The Veterans Committee met in closed sessions to elect as many as two executives, managers, umpires, and older major league players—the categories considered in all its meetings since 1953.
By an arrangement since 1995 it separately considered candidates from the Negro leagues and from the 19th century with authority to select one from each of those two special ballots.

The committee elected four people again, the maximum number permitted: pitcher Jim Bunning from the 1960s, manager Earl Weaver from the 1970s, pitcher Bill Foster from the Negro leagues, and manager Ned Hanlon from the 19th century.

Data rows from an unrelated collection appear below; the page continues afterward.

(* If $G$ is a hypo-unique domination graph, then $b(G)\leq \delta(G)+1$.
   Context: All graphs are finite, simple and undirected. A set $D\subseteq V(G)$ is dominating if every vertex of $G$ not in $D$ has a neighbor in $D$; $\gamma(G)$ is the minimum size of a dominating set, and a dominating set of size $\gamma(G)$ is a $\gamma$-set. $G$ is a hypo-unique domination graph if $G$ has at least two $\gamma$-sets but for every $v\in V(G)$ the graph $G-v$ has exactly one $\gamma$-set. The bondage number $b(G)$ of a graph with at least one edge is the minimum number of edges whose removal from $G$ yields a graph with domination number larger than $\gamma(G)$. $\delta(G)$ is the minimum degree. *)

From mathcomp Require Import all_boot.
Set Implicit Arguments. Unset Strict Implicit. Unset Printing Implicit Defensive.

(* A finite simple graph is given by a vertex set V : {set T} over a finType T
   and an adjacency relation e, assumed symmetric and irreflexive; only
   adjacencies between vertices of V matter. *)
Definition simple_graph (T : finType) (e : rel T) : Prop :=
  symmetric e /\ irreflexive e.

Section Dom.
Variable T : finType.

Definition dominating (V : {set T}) (e : rel T) (D : {set T}) : bool :=
  (D \subset V) && [forall x in V, (x \in D) || [exists y in D, e x y]].

(* domination number: least size of a dominating set (V itself dominates) *)
Definition gamma (V : {set T}) (e : rel T) : nat :=
  \big[minn/#|V|]_(D : {set T} | dominating V e D) #|D|.

Definition gamma_set (V : {set T}) (e : rel T) (D : {set T}) : bool :=
  dominating V e D && (#|D| == gamma V e).

Definition num_gamma_sets (V : {set T}) (e : rel T) : nat :=
  #|[set D : {set T} | gamma_set V e D]|.

Definition hypo_unique (V : {set T}) (e : rel T) : Prop :=
  2 <= num_gamma_sets V e /\ forall v, v \in V -> num_gamma_sets (V :\ v) e = 1.

Definition is_edge (V : {set T}) (e : rel T) (s : {set T}) : bool :=
  [exists x in V, exists y in V, e x y && (s == [set x; y])].

Definition edge_set (V : {set T}) (e : rel T) (F : {set {set T}}) : bool :=
  [forall s in F, is_edge V e s].

Definition remove_edges (e : rel T) (F : {set {set T}}) : rel T :=
  fun x y => e x y && ([set x; y] \notin F).

(* bondage number: least number of edges whose removal increases gamma
   (default #|V|^2 when no such set exists; irrelevant when G has an edge
   whose total removal increases gamma) *)
Definition bondage (V : {set T}) (e : rel T) : nat :=
  \big[minn/(#|V| ^ 2)]_(F : {set {set T}} |
      edge_set V e F && (gamma V e < gamma V (remove_edges e F))) #|F|.

Definition degree (V : {set T}) (e : rel T) (v : T) : nat :=
  #|[set u in V | e v u]|.

Definition min_degree (V : {set T}) (e : rel T) : nat :=
  \big[minn/#|V|]_(v in V) degree V e v.
End Dom.

From mathcomp Require Import all_boot.
Set Implicit Arguments. Unset Strict Implicit. Unset Printing Implicit Defensive.

(* Fix a vertex v and let D0 be the unique gamma-set of G - v; then v |: D0
   dominates G, so gamma(G) <= |D0| + 1.  Removing the edges at v isolates v,
   so every dominating set of the new graph is v together with a dominating
   set of G - v.  If D0 is all of V - v, this already gives more than gamma(G)
   vertices, since gamma(G) < |V| when G has two gamma-sets.  Otherwise some
   x in D0 has a neighbour z other than v; uniqueness of D0 forbids the swap of x
   for z, so x has a private neighbour y, and removing the edge xy as well
   leaves v |: D0 -- the only candidate of size |D0| + 1 -- not dominating. *)

Lemma bigmin_leq_seq (I : eqType) (s : seq I) x (P : pred I) (F : I -> nat) j :
  j \in s -> P j -> \big[minn/x]_(i <- s | P i) F i <= F j.
Proof.
elim: s => [//|a s IHs]; rewrite inE big_cons => /predU1P [<- -> | s_j Pj].
  exact: geq_minl.
case: (P a); last exact: IHs.
exact: leq_trans (geq_minr _ _) (IHs s_j Pj).
Qed.

Lemma bigmin_leq (I : finType) x (P : pred I) (F : I -> nat) j :
  P j -> \big[minn/x]_(i | P i) F i <= F j.
Proof. by apply: bigmin_leq_seq; rewrite mem_index_enum. Qed.

Section Domination.
Variable T : finType.
Implicit Types (V W D : {set T}) (e : rel T) (F : {set {set T}}).

Lemma dominating_self V e : dominating V e V.
Proof. by rewrite /dominating subxx; apply/forall_inP => x ->. Qed.

Lemma gamma_leq V e D : dominating V e D -> gamma V e <= #|D|.
Proof. exact: bigmin_leq. Qed.

Lemma leq_gamma V e n :
  (forall D, dominating V e D -> n <= #|D|) -> n <= gamma V e.
Proof.
move=> n_le; apply: (big_ind (fun m => n <= m)) => //.
- exact: n_le (dominating_self V e).
- by move=> a b n_le_a n_le_b; rewrite leq_min n_le_a n_le_b.
Qed.

Lemma bondage_leq V e F :
  edge_set V e F -> gamma V e < gamma V (remove_edges e F) -> bondage V e <= #|F|.
Proof. by move=> F_edges gamma_lt; apply: bigmin_leq; rewrite /= F_edges. Qed.

Lemma gamma_ltn_card V e : 2 <= num_gamma_sets V e -> gamma V e < #|V|.
Proof.
move=> two_sets; rewrite ltn_neqAle gamma_leq ?dominating_self // andbT.
apply/eqP => gamma_V; move: two_sets; apply/negP; rewrite -ltnNge ltnS.
rewrite /num_gamma_sets -(cards1 V); apply/subset_leq_card/subsetP => D.
rewrite !inE => /andP [/andP [DV _] /eqP cardD].
by rewrite eqEcard DV cardD gamma_V /=.
Qed.

Lemma unique_gamma_set V e :
  num_gamma_sets V e = 1 ->
  exists D0, [/\ dominating V e D0, #|D0| = gamma V e &
    forall D, dominating V e D -> #|D| <= #|D0| -> D = D0].
Proof.
rewrite /num_gamma_sets => /eqP/cards1P [D0 gamma_sets].
have : D0 \in [set D | gamma_set V e D] by rewrite gamma_sets set11.
rewrite inE => /andP [dom_D0 /eqP card_D0].
exists D0; split => // D dom_D le_D.
have : D \in [set D | gamma_set V e D].
  by rewrite inE /gamma_set dom_D eqn_leq gamma_leq // andbT -card_D0.
by rewrite gamma_sets inE => /eqP.
Qed.

Lemma dominating_setU1 V e v D :
  v \in V -> dominating (V :\ v) e D -> dominating V e (v |: D).
Proof.
move=> Vv /andP [DV /forall_inP dom_D]; apply/andP; split.
  by apply/subsetP => x /setU1P [-> // | /(subsetP DV)/setD1P []].
apply/forall_inP => x Vx; have [-> | x_neq_v] := eqVneq x v; first by rewrite setU11.
have := dom_D x; rewrite in_setD1 x_neq_v Vx => /(_ isT).
case/orP => [Dx | /exists_inP [y Dy exy]]; first by rewrite setU1r.
by apply/orP; right; apply/exists_inP; exists y; rewrite ?setU1r.
Qed.

Lemma dominating_swap W e D0 x z :
  symmetric e -> dominating W e D0 -> z \in W -> e x z ->
  (forall y, y \in W -> y \notin D0 -> e x y -> exists2 w, w \in D0 :\ x & e y w) ->
  dominating W e (z |: (D0 :\ x)).
Proof.
move=> e_sym /andP [D0W /forall_inP dom_D0] Wz exz no_private.
apply/andP; split.
  by apply/subsetP => w /setU1P [-> // | /setD1P [_ /(subsetP D0W)]].
apply/forall_inP => u Wu; have [-> | u_neq_x] := eqVneq u x.
  by apply/orP; right; apply/exists_inP; exists z; rewrite ?setU11.
have [D0u | D0Nu] := boolP (u \in D0); first by rewrite setU1r // in_setD1 u_neq_x.
have /orP [D0u | /exists_inP [w D0w euw]] := dom_D0 u Wu; first by rewrite D0u in D0Nu.
apply/orP; right; apply/exists_inP.
have [w_eq_x | w_neq_x] := eqVneq w x.
  rewrite w_eq_x e_sym in euw.
  by have [w' D0w' euw'] := no_private u Wu D0Nu euw; exists w'; rewrite ?setU1r.
by exists w; rewrite // setU1r // in_setD1 w_neq_x.
Qed.

Lemma private_neighbor W e D0 x z :
  simple_graph e -> dominating W e D0 ->
  (forall D, dominating W e D -> #|D| <= #|D0| -> D = D0) ->
  x \in D0 -> z \in W -> e x z ->
  exists2 y, [&& y \in W, y \notin D0 & e x y] & forall w, w \in D0 -> e y w -> w = x.
Proof.
move=> [e_sym e_irr] dom_D0 D0_unique D0x Wz exz.
case: (pickP [pred y | [&& y \in W, y \notin D0, e x y &
                         [forall w in D0, e y w ==> (w == x)]]]).
  move=> y /and4P [Wy D0Ny exy /forall_inP y_private].
  by exists y; rewrite ?Wy ?D0Ny // => w /y_private /implyP eyw /eyw /eqP.
move=> none; have z_neq_x : z != x by apply: contraTneq exz => ->; rewrite e_irr.
have dom_swap : dominating W e (z |: (D0 :\ x)).
  apply: dominating_swap => // y Wy D0Ny exy.
  have /negbT := none y; rewrite /= Wy D0Ny exy negb_forall_in.
  by case/exists_inP => w D0w; rewrite negb_imply => /andP [eyw w_neq_x]; exists w;
    rewrite // in_setD1 w_neq_x.
have card_swap : #|z |: (D0 :\ x)| <= #|D0|.
  by rewrite cardsU1 (cardsD1 x D0) D0x add1n addnC -addn1 leq_add2l leq_b1.
have := D0_unique _ dom_swap card_swap; move/setP/(_ x).
by rewrite !inE eq_sym (negbTE z_neq_x) eqxx D0x.
Qed.

Definition edges_at V e v : {set {set T}} :=
  [set [set v; u] | u in [set u in V | e v u]].

Lemma mem_edges_at V e v u : u \in V -> e v u -> [set v; u] \in edges_at V e v.
Proof. by move=> Vu evu; apply/imsetP; exists u; rewrite // inE Vu evu. Qed.

Lemma card_edges_at V e v : #|edges_at V e v| <= degree V e v.
Proof. exact: leq_imset_card. Qed.

Lemma edge_set_edges_at V e v : v \in V -> edge_set V e (edges_at V e v).
Proof.
move=> Vv; apply/forall_inP => s /imsetP [u]; rewrite inE => /andP [Vu evu] ->.
by apply/exists_inP; exists v => //; apply/exists_inP; exists u; rewrite // evu eqxx.
Qed.

Lemma dominating_remove_edges_at V e F v D :
  symmetric e -> v \in V -> edges_at V e v \subset F ->
  dominating V (remove_edges e F) D -> v \in D /\ dominating (V :\ v) e (D :\ v).
Proof.
move=> e_sym Vv /subsetP sub_F /andP [DV /forall_inP dom_D].
have edge_v_removed u : u \in V -> e v u -> [set v; u] \in F.
  by move=> Vu evu; apply/sub_F/mem_edges_at.
have Dv : v \in D.
  have /orP [// | /exists_inP [u Du /andP [evu]]] := dom_D v Vv.
  by rewrite edge_v_removed ?(subsetP DV).
split => //; apply/andP; split; first exact: setSD.
apply/forall_inP => u /setD1P [u_neq_v Vu].
have /orP [Du | /exists_inP [w Dw /andP [euw removed]]] := dom_D u Vu.
  by rewrite in_setD1 u_neq_v Du.
apply/orP; right; apply/exists_inP; exists w => //.
rewrite in_setD1 Dw andbT; apply: contraNneq removed => w_eq_v.
by rewrite w_eq_v setUC edge_v_removed // e_sym -w_eq_v.
Qed.

Lemma bondage_leq_degree V e v :
  symmetric e -> v \in V -> gamma V e <= gamma (V :\ v) e ->
  bondage V e <= degree V e v.
Proof.
move=> e_sym Vv gamma_le.
apply: leq_trans (bondage_leq (edge_set_edges_at e Vv) _) (card_edges_at V e v).
apply: leq_gamma => D /(dominating_remove_edges_at e_sym Vv (subxx _)) [Dv dom_Dv].
by rewrite (cardsD1 v D) Dv add1n ltnS (leq_trans gamma_le) ?gamma_leq.
Qed.

Lemma bondage_leq_degreeS V e v D0 x y :
  symmetric e -> v \in V -> dominating (V :\ v) e D0 ->
  (forall D, dominating (V :\ v) e D -> #|D| <= #|D0| -> D = D0) ->
  x \in D0 -> [&& y \in V :\ v, y \notin D0 & e x y] ->
  (forall w, w \in D0 -> e y w -> w = x) ->
  bondage V e <= degree V e v + 1.
Proof.
move=> e_sym Vv dom_D0 D0_unique D0x /and3P [/setD1P [y_neq_v Vy] D0Ny exy] y_private.
have x_in_V : x \in V by case/andP: dom_D0 => /subsetP /(_ x D0x) /setD1P [].
set F := [set x; y] |: edges_at V e v.
have F_edges : edge_set V e F.
  apply/forall_inP => s /setU1P [-> | /(forall_inP (edge_set_edges_at e Vv)) //].
  by apply/exists_inP; exists x => //; apply/exists_inP; exists y; rewrite // exy eqxx.
have card_F : #|F| <= degree V e v + 1.
  by rewrite cardsU1 addnC leq_add ?card_edges_at ?leq_b1.
apply: leq_trans (bondage_leq F_edges _) card_F.
have gamma_le : gamma V e <= #|D0|.+1.
  apply: leq_trans (gamma_leq (dominating_setU1 Vv dom_D0)) _.
  by rewrite cardsU1 -add1n leq_add2r leq_b1.
apply: leq_ltn_trans gamma_le _; apply: leq_gamma => D dom_D.
have [Dv dom_Dv] := dominating_remove_edges_at e_sym Vv (subsetUr _ _) dom_D.
rewrite ltnNge (cardsD1 v D) Dv add1n ltnS; apply/negP => le_D0.
have D_eq : D = v |: D0 by rewrite -(D0_unique _ dom_Dv le_D0) setD1K.
case/andP: dom_D => _ /forall_inP /(_ y Vy).
rewrite D_eq in_setU1 (negbTE y_neq_v) (negbTE D0Ny) /=.
case/exists_inP => w /setU1P [-> | D0w] /andP [eyw].
  by rewrite /F setU1r // setUC mem_edges_at // e_sym.
by rewrite (y_private w D0w eyw) setUC /F setU11.
Qed.

Lemma hypo_unique_bondage_leq_degree V e v :
  simple_graph e -> hypo_unique V e -> v \in V ->
  bondage V e <= degree V e v + 1.
Proof.
move=> simple_e [two_sets unique_delete] Vv; have e_sym := simple_e.1.
have [D0 [dom_D0 card_D0 D0_unique]] := unique_gamma_set (unique_delete v Vv).
have [/exists_inP [x D0x /exists_inP [z Wz exz]] | isolated] :=
  boolP [exists x in D0, exists z in V :\ v, e x z].
  have [y y_nbr y_private] := private_neighbor simple_e dom_D0 D0_unique D0x Wz exz.
  exact: bondage_leq_degreeS dom_D0 D0_unique D0x y_nbr y_private.
have D0_eq : D0 = V :\ v.
  case/andP: dom_D0 => D0W /forall_inP dom_W; apply/eqP; rewrite eqEsubset D0W.
  apply/subsetP => u Wu; have /orP [// | /exists_inP [w D0w euw]] := dom_W u Wu.
  by case/negP: isolated; apply/exists_inP; exists w => //; apply/exists_inP; exists u;
    rewrite // e_sym.
apply/leq_trans/leq_addr/bondage_leq_degree => //.
have := gamma_ltn_card two_sets.
by rewrite -card_D0 D0_eq (cardsD1 v V) Vv add1n ltnS.
Qed.

End Domination.

Theorem theorem3p7 (T : finType) (V : {set T}) (e : rel T) :
  simple_graph e -> hypo_unique V e ->
  bondage V e <= min_degree V e + 1.
Proof.
move=> simple_e hypo_e.
have [v Vv] : exists v, v \in V.
  by apply/card_gt0P; apply: leq_ltn_trans (gamma_ltn_card hypo_e.1).
apply: (big_ind (fun m => bondage V e <= m + 1)).
- apply: leq_trans (hypo_unique_bondage_leq_degree simple_e hypo_e Vv) _.
  by rewrite leq_add2r /degree setIdE subset_leq_card ?subsetIl.
- by move=> a b le_a le_b; rewrite addn_minl leq_min le_a le_b.
- by move=> u Vu; exact: hypo_unique_bondage_leq_degree.
Qed.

== J. G. Taylor Spink Award ==
Joe Durso received the J. G. Taylor Spink Award honoring a baseball writer.
(The award was voted at the December 1995 meeting of the BBWAA, dated 1995, and included in the summer 1996 ceremonies.)

== Ford C. Frick Award ==
Herb Carneal received the Ford C. Frick Award honoring a baseball broadcaster.